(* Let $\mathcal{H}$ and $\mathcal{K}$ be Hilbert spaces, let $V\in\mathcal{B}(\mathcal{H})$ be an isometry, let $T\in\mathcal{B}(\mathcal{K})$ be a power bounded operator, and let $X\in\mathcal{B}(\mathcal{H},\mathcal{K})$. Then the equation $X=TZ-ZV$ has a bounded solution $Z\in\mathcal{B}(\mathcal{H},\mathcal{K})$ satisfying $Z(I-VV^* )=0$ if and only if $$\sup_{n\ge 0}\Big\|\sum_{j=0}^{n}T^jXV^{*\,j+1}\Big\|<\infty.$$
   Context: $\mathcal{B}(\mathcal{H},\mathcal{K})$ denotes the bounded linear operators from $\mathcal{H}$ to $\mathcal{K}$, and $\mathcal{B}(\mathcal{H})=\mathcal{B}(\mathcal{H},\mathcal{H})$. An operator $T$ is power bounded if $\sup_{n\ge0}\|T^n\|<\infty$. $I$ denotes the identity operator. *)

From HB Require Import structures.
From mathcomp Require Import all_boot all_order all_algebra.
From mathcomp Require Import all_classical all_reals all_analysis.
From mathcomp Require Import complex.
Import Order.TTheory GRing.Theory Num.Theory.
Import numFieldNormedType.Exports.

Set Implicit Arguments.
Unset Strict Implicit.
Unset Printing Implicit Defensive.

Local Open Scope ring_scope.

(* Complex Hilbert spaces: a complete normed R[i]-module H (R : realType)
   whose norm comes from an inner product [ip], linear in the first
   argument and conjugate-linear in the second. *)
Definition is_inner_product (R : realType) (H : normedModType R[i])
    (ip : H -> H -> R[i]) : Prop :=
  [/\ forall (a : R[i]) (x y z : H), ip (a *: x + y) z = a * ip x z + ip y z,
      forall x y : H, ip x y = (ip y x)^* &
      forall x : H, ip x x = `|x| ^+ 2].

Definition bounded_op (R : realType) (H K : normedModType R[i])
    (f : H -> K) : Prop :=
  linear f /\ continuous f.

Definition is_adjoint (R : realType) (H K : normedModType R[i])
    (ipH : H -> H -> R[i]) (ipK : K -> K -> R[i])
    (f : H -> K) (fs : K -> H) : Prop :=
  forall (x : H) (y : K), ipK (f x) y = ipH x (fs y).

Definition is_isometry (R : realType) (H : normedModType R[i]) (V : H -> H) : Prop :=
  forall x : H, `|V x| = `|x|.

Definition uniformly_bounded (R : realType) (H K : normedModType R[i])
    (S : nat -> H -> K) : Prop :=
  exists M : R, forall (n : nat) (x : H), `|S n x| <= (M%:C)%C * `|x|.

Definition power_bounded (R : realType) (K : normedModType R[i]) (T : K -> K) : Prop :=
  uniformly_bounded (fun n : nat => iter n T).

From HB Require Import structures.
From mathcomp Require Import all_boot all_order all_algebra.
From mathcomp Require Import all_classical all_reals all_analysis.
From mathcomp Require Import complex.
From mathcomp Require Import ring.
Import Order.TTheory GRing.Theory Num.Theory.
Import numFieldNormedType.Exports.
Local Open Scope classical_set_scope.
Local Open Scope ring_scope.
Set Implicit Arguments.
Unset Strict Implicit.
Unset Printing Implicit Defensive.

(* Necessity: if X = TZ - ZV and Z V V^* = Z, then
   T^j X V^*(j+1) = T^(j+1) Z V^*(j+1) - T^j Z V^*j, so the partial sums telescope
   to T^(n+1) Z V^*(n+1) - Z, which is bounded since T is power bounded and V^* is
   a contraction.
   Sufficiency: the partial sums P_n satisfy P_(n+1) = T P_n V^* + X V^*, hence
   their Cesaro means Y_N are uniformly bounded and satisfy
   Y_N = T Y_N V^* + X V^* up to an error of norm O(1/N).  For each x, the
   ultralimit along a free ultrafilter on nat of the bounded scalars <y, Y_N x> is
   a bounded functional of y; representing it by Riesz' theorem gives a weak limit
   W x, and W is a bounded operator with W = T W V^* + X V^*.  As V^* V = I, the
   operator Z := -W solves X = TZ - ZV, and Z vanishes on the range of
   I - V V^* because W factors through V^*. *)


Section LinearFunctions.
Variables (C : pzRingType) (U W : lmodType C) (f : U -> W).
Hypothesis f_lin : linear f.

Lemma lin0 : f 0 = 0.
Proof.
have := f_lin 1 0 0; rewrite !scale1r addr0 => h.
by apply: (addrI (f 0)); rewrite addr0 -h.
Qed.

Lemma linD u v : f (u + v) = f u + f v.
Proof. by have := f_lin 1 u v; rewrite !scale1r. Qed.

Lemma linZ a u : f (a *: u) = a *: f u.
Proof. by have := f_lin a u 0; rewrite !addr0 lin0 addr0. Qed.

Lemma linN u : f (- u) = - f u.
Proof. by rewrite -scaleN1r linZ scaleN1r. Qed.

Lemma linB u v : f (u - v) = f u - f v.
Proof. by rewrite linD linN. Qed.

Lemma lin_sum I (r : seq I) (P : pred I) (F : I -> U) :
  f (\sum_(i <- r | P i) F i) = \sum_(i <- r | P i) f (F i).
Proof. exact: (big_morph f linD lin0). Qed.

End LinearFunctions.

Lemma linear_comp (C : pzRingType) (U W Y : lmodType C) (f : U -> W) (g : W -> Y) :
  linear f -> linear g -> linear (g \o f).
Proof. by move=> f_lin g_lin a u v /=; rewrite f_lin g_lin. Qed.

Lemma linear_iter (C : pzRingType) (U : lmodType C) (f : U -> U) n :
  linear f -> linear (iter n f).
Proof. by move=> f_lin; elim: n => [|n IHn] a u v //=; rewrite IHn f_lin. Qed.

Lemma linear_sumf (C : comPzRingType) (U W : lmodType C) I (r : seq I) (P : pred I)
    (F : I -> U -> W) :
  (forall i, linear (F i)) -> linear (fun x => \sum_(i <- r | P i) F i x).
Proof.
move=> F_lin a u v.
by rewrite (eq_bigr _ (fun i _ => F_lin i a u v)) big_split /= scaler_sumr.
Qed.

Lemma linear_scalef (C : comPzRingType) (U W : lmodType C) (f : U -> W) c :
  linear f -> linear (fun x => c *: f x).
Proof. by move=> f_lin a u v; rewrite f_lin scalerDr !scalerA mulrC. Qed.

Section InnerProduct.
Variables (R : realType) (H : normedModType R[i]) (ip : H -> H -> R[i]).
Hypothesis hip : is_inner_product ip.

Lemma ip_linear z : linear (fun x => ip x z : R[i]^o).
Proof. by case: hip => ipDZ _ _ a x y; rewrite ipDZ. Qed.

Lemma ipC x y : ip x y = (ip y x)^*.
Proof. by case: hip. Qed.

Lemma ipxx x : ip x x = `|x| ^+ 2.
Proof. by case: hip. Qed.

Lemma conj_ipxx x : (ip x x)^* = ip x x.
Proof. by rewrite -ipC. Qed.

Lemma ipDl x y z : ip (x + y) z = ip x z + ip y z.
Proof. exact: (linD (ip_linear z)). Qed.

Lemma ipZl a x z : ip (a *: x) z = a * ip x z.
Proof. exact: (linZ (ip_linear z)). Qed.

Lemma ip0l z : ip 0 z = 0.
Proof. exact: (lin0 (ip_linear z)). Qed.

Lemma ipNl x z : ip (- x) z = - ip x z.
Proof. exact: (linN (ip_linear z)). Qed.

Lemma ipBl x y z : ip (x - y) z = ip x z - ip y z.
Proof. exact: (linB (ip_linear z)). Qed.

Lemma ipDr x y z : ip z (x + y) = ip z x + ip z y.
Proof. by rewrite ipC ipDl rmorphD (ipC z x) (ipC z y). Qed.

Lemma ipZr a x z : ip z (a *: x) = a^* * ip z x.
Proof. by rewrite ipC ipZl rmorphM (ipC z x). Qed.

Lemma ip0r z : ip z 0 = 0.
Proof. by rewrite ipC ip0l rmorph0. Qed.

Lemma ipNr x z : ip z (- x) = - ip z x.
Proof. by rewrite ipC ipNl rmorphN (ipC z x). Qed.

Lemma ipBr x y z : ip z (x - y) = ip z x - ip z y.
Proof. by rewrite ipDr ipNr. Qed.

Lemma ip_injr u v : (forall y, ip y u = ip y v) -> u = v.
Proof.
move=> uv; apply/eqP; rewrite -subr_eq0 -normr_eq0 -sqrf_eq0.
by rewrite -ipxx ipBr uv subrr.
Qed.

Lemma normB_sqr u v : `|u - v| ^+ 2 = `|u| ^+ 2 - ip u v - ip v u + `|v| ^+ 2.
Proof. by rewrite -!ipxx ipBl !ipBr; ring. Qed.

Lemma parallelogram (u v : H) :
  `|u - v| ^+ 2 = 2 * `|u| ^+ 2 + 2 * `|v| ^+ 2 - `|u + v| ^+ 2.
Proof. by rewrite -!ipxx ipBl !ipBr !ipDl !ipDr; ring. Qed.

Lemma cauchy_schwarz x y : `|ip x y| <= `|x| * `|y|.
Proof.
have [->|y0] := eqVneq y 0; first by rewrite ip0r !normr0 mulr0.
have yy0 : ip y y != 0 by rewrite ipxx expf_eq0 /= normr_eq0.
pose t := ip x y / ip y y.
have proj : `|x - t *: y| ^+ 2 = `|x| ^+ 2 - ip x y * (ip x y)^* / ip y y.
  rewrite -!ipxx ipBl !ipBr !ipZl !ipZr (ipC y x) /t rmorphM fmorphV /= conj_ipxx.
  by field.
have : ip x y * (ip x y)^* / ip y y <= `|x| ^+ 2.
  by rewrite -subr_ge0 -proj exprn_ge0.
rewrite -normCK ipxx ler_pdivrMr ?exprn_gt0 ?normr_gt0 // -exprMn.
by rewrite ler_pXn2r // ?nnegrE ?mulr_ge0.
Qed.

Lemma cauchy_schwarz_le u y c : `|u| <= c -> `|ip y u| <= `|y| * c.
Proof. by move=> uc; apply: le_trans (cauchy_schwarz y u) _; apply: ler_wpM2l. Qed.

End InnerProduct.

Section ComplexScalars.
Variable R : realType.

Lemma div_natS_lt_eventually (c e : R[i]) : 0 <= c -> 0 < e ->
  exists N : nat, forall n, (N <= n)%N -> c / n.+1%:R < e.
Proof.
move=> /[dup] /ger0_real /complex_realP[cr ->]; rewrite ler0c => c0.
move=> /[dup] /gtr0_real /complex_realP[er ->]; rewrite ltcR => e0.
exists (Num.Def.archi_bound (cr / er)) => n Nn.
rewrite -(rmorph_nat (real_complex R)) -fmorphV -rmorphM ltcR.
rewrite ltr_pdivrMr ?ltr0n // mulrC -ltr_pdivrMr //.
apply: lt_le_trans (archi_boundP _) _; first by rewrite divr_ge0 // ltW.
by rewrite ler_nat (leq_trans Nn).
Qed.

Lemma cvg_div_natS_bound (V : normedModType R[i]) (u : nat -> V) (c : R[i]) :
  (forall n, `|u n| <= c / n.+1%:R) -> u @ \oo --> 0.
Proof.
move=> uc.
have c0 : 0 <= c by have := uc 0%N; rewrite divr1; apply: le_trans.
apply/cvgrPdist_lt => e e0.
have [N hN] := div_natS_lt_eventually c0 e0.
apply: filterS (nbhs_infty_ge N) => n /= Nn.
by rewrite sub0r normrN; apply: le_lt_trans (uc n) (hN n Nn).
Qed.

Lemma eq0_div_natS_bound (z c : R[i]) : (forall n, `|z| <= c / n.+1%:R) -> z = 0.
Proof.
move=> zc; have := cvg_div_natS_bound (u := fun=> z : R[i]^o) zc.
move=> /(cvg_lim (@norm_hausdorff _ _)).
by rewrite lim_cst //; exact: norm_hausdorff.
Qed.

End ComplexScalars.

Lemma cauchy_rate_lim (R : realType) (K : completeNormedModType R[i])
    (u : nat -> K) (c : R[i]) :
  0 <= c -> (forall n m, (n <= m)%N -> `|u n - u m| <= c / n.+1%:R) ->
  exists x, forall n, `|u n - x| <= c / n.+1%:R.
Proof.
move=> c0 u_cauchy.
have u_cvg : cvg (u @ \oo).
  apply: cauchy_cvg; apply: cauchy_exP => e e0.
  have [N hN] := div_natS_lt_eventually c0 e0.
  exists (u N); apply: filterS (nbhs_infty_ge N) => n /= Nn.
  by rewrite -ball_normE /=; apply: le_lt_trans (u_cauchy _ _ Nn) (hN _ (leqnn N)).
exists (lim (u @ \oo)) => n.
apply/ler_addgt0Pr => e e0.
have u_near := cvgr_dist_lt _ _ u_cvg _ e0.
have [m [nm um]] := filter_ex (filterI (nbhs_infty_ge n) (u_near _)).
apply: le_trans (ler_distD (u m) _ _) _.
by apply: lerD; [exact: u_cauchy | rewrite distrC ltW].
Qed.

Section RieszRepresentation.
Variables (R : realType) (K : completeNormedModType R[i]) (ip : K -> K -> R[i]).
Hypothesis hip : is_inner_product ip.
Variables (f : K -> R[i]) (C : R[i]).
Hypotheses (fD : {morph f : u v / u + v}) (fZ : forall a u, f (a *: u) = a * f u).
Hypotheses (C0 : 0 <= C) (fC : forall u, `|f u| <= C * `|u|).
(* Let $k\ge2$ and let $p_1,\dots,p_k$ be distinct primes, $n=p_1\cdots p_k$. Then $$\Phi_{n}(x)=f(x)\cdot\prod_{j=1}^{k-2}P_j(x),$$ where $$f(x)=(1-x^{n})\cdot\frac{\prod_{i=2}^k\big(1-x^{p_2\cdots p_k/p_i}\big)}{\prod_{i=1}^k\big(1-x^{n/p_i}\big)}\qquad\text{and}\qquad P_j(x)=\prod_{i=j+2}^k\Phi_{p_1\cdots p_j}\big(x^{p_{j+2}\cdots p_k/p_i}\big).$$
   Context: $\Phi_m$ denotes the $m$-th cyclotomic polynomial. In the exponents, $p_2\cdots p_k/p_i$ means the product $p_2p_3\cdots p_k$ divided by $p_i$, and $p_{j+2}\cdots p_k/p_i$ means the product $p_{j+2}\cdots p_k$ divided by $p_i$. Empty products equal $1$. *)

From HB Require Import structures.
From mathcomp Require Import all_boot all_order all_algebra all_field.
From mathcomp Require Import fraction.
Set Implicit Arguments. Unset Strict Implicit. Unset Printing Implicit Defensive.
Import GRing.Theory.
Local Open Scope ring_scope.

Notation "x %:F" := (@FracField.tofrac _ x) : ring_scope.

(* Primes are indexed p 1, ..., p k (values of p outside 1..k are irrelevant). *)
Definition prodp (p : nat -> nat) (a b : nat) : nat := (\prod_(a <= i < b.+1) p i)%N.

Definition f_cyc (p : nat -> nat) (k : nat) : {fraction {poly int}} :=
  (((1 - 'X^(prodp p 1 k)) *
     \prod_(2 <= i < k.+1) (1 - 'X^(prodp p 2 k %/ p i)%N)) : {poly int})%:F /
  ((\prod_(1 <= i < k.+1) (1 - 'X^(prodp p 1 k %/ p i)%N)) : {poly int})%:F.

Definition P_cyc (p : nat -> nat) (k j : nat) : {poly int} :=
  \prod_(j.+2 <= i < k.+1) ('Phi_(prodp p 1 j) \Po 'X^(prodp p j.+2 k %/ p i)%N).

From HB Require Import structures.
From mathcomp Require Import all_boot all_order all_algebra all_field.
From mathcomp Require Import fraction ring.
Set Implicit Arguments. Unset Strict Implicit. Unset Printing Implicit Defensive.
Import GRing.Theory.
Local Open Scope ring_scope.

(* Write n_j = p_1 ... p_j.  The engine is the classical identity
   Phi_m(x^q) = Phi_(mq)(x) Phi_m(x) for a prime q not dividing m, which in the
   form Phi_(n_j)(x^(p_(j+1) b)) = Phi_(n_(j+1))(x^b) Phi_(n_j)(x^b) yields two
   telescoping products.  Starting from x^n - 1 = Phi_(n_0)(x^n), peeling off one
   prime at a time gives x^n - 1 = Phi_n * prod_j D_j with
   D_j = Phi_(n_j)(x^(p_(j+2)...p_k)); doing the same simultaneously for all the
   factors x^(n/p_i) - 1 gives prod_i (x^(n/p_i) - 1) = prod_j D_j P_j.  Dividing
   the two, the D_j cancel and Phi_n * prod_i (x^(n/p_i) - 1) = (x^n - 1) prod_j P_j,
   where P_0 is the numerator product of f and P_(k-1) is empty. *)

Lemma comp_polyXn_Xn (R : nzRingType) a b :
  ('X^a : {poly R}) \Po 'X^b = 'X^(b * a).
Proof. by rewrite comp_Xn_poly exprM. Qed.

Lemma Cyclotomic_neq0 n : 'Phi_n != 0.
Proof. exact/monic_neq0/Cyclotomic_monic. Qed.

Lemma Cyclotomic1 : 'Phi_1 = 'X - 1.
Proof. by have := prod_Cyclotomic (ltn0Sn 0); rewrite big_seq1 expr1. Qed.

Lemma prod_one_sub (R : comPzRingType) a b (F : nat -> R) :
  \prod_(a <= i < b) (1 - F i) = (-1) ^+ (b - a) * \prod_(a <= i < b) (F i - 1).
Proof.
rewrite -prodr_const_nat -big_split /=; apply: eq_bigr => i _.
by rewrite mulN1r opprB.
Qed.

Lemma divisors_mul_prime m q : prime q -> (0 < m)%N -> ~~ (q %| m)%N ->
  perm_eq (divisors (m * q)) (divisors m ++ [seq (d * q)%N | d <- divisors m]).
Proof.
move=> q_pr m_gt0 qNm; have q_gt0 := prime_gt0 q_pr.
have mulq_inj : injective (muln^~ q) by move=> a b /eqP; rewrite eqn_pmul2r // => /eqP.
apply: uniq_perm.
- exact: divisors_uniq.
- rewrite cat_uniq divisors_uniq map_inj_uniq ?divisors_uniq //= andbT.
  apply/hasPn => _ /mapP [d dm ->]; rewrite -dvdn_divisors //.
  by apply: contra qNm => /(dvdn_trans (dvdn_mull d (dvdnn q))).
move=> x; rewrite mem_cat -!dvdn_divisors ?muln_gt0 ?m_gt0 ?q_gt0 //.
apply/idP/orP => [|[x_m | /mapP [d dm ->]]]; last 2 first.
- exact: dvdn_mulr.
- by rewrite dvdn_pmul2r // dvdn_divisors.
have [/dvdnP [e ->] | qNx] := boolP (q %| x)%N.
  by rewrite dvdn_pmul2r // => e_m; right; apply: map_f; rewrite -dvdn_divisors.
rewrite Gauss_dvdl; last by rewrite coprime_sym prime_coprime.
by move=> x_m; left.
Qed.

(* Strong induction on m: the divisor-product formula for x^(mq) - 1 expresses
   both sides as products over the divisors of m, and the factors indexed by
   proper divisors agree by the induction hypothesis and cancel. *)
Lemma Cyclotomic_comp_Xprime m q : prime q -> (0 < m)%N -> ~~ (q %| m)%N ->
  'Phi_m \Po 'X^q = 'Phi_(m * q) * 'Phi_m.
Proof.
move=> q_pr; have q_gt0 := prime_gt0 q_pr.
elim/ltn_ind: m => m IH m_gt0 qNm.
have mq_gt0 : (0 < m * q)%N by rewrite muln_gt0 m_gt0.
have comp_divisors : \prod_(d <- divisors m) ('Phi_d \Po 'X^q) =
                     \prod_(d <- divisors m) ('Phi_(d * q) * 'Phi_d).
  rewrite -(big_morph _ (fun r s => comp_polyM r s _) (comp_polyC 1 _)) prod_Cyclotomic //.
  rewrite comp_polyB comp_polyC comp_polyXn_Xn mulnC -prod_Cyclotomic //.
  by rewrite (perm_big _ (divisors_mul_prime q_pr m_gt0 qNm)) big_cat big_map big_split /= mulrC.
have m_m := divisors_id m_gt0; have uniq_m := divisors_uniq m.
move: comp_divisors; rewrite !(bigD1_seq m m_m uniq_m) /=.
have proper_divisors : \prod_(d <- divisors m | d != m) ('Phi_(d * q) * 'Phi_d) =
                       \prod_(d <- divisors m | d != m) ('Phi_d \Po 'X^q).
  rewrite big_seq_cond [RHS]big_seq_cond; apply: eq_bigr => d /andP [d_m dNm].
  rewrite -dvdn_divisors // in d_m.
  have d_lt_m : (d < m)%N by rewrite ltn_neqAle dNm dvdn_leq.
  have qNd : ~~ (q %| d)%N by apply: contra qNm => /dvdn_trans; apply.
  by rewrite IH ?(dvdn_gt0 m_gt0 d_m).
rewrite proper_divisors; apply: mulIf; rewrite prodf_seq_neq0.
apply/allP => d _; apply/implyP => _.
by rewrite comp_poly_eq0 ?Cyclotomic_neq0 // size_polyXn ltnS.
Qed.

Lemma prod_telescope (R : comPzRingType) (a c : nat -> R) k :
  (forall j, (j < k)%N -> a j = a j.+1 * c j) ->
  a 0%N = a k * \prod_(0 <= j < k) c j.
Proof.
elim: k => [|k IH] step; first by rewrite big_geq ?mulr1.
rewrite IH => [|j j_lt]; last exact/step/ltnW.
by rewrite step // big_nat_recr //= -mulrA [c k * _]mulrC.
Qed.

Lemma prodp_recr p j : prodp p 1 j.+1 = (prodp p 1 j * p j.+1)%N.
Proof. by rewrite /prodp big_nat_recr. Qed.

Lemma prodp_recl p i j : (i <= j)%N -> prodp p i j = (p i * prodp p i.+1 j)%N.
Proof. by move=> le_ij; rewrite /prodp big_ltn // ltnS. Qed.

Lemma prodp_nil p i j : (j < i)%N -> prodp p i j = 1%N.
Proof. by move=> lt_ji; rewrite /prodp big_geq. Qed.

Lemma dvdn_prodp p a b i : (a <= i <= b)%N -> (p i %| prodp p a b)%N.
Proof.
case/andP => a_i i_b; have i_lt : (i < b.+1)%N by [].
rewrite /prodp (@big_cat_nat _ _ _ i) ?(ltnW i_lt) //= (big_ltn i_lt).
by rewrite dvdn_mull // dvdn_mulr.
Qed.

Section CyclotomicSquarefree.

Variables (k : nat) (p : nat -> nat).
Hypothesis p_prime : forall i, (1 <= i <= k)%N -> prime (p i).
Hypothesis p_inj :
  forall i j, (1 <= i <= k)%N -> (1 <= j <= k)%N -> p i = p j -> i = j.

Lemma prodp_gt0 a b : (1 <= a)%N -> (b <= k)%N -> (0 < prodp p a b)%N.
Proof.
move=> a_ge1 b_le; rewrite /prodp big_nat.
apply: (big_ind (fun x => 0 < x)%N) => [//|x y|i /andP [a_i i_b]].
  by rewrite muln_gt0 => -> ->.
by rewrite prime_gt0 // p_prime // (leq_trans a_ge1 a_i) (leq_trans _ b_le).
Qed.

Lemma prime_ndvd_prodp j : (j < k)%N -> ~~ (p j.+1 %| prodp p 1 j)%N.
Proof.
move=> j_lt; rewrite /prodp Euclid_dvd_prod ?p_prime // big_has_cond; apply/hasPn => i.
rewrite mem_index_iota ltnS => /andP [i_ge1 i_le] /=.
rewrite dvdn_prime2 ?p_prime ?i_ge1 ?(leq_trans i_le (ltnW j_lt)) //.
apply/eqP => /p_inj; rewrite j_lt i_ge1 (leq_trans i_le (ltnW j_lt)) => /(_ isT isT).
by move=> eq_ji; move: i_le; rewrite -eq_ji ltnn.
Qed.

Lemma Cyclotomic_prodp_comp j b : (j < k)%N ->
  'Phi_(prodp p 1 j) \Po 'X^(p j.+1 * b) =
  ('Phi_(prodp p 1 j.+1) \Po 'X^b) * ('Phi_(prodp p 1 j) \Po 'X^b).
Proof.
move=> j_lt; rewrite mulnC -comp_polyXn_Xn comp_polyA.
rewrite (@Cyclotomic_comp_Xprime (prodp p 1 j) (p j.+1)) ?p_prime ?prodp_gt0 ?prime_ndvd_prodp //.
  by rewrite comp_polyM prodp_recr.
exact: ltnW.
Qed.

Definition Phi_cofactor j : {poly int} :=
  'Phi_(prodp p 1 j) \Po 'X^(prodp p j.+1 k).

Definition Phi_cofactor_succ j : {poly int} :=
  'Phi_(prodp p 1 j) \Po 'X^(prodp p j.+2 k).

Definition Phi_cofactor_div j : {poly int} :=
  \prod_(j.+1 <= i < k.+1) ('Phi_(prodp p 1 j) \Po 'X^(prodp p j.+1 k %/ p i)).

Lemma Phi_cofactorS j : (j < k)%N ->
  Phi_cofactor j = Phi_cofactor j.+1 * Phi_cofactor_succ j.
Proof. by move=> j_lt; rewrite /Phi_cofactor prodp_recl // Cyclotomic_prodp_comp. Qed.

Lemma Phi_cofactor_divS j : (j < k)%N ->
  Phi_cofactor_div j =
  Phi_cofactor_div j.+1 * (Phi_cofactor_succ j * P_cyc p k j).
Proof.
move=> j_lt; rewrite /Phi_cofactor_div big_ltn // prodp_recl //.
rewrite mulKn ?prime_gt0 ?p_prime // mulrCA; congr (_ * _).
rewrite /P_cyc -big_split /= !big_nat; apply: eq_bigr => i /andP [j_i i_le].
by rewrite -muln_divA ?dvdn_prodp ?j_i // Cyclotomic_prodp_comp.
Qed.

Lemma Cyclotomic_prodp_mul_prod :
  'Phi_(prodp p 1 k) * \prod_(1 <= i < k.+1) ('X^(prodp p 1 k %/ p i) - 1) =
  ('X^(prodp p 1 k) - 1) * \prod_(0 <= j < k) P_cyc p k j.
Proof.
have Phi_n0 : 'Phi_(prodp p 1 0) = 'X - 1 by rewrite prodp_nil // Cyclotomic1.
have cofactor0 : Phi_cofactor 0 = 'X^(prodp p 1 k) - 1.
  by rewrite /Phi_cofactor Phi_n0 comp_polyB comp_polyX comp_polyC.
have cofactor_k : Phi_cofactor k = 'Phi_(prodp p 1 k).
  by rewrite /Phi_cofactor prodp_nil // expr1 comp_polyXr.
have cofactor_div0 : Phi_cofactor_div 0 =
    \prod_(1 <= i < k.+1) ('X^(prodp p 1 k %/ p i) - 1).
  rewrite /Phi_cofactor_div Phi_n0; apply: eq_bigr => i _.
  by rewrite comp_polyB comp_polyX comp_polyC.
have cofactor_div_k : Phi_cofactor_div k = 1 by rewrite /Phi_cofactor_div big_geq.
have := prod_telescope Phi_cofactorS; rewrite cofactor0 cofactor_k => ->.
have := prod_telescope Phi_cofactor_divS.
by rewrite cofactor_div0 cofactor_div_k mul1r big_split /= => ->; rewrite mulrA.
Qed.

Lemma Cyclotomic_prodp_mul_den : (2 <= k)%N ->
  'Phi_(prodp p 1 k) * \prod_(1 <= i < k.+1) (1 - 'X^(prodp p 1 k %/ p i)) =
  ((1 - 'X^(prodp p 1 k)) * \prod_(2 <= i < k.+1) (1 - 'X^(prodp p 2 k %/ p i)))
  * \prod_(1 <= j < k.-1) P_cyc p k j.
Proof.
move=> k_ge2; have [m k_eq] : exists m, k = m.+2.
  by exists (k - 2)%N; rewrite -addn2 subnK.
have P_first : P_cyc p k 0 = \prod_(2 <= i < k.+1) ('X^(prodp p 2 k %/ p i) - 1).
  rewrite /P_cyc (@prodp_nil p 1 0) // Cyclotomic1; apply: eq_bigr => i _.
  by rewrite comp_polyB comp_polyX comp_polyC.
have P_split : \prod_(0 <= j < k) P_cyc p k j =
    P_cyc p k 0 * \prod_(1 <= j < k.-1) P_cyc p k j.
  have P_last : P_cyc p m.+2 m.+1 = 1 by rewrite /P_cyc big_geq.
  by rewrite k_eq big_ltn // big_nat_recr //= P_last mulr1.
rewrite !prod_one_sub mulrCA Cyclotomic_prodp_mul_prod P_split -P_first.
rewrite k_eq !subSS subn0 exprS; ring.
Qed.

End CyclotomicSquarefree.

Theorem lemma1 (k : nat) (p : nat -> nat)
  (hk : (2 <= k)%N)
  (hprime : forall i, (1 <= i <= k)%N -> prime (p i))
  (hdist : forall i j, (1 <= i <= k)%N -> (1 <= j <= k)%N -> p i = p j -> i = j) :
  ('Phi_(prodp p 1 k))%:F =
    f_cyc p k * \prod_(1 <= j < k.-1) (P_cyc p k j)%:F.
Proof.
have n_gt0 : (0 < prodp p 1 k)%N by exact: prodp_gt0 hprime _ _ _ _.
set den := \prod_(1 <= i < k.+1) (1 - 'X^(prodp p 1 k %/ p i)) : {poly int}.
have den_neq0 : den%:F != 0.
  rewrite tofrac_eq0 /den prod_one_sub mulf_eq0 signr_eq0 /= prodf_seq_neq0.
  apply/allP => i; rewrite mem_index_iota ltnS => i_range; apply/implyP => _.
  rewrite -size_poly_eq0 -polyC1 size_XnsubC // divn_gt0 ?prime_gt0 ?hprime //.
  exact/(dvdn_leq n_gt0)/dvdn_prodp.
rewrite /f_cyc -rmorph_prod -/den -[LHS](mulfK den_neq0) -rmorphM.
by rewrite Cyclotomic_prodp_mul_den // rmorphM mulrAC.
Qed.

· · · · · · ·

» Goal of the exercise
Repeat exactly the lines of the listing above, from the one with "Lemma prime_ndvd_prodp j" down to the one with "Lemma Phi_cofactor_divS j : (j < k)%N ->"; both of those lines belong in the range.

» Solution
Lemma prime_ndvd_prodp j : (j < k)%N -> ~~ (p j.+1 %| prodp p 1 j)%N.
Proof.
move=> j_lt; rewrite /prodp Euclid_dvd_prod ?p_prime // big_has_cond; apply/hasPn => i.
rewrite mem_index_iota ltnS => /andP [i_ge1 i_le] /=.
rewrite dvdn_prime2 ?p_prime ?i_ge1 ?(leq_trans i_le (ltnW j_lt)) //.
apply/eqP => /p_inj; rewrite j_lt i_ge1 (leq_trans i_le (ltnW j_lt)) => /(_ isT isT).
by move=> eq_ji; move: i_le; rewrite -eq_ji ltnn.
Qed.

Lemma Cyclotomic_prodp_comp j b : (j < k)%N ->
  'Phi_(prodp p 1 j) \Po 'X^(p j.+1 * b) =
  ('Phi_(prodp p 1 j.+1) \Po 'X^b) * ('Phi_(prodp p 1 j) \Po 'X^b).
Proof.
move=> j_lt; rewrite mulnC -comp_polyXn_Xn comp_polyA.
rewrite (@Cyclotomic_comp_Xprime (prodp p 1 j) (p j.+1)) ?p_prime ?prodp_gt0 ?prime_ndvd_prodp //.
  by rewrite comp_polyM prodp_recr.
exact: ltnW.
Qed.

Definition Phi_cofactor j : {poly int} :=
  'Phi_(prodp p 1 j) \Po 'X^(prodp p j.+1 k).

Definition Phi_cofactor_succ j : {poly int} :=
  'Phi_(prodp p 1 j) \Po 'X^(prodp p j.+2 k).

Definition Phi_cofactor_div j : {poly int} :=
  \prod_(j.+1 <= i < k.+1) ('Phi_(prodp p 1 j) \Po 'X^(prodp p j.+1 k %/ p i)).

Lemma Phi_cofactorS j : (j < k)%N ->
  Phi_cofactor j = Phi_cofactor j.+1 * Phi_cofactor_succ j.
Proof. by move=> j_lt; rewrite /Phi_cofactor prodp_recl // Cyclotomic_prodp_comp. Qed.

Lemma Phi_cofactor_divS j : (j < k)%N ->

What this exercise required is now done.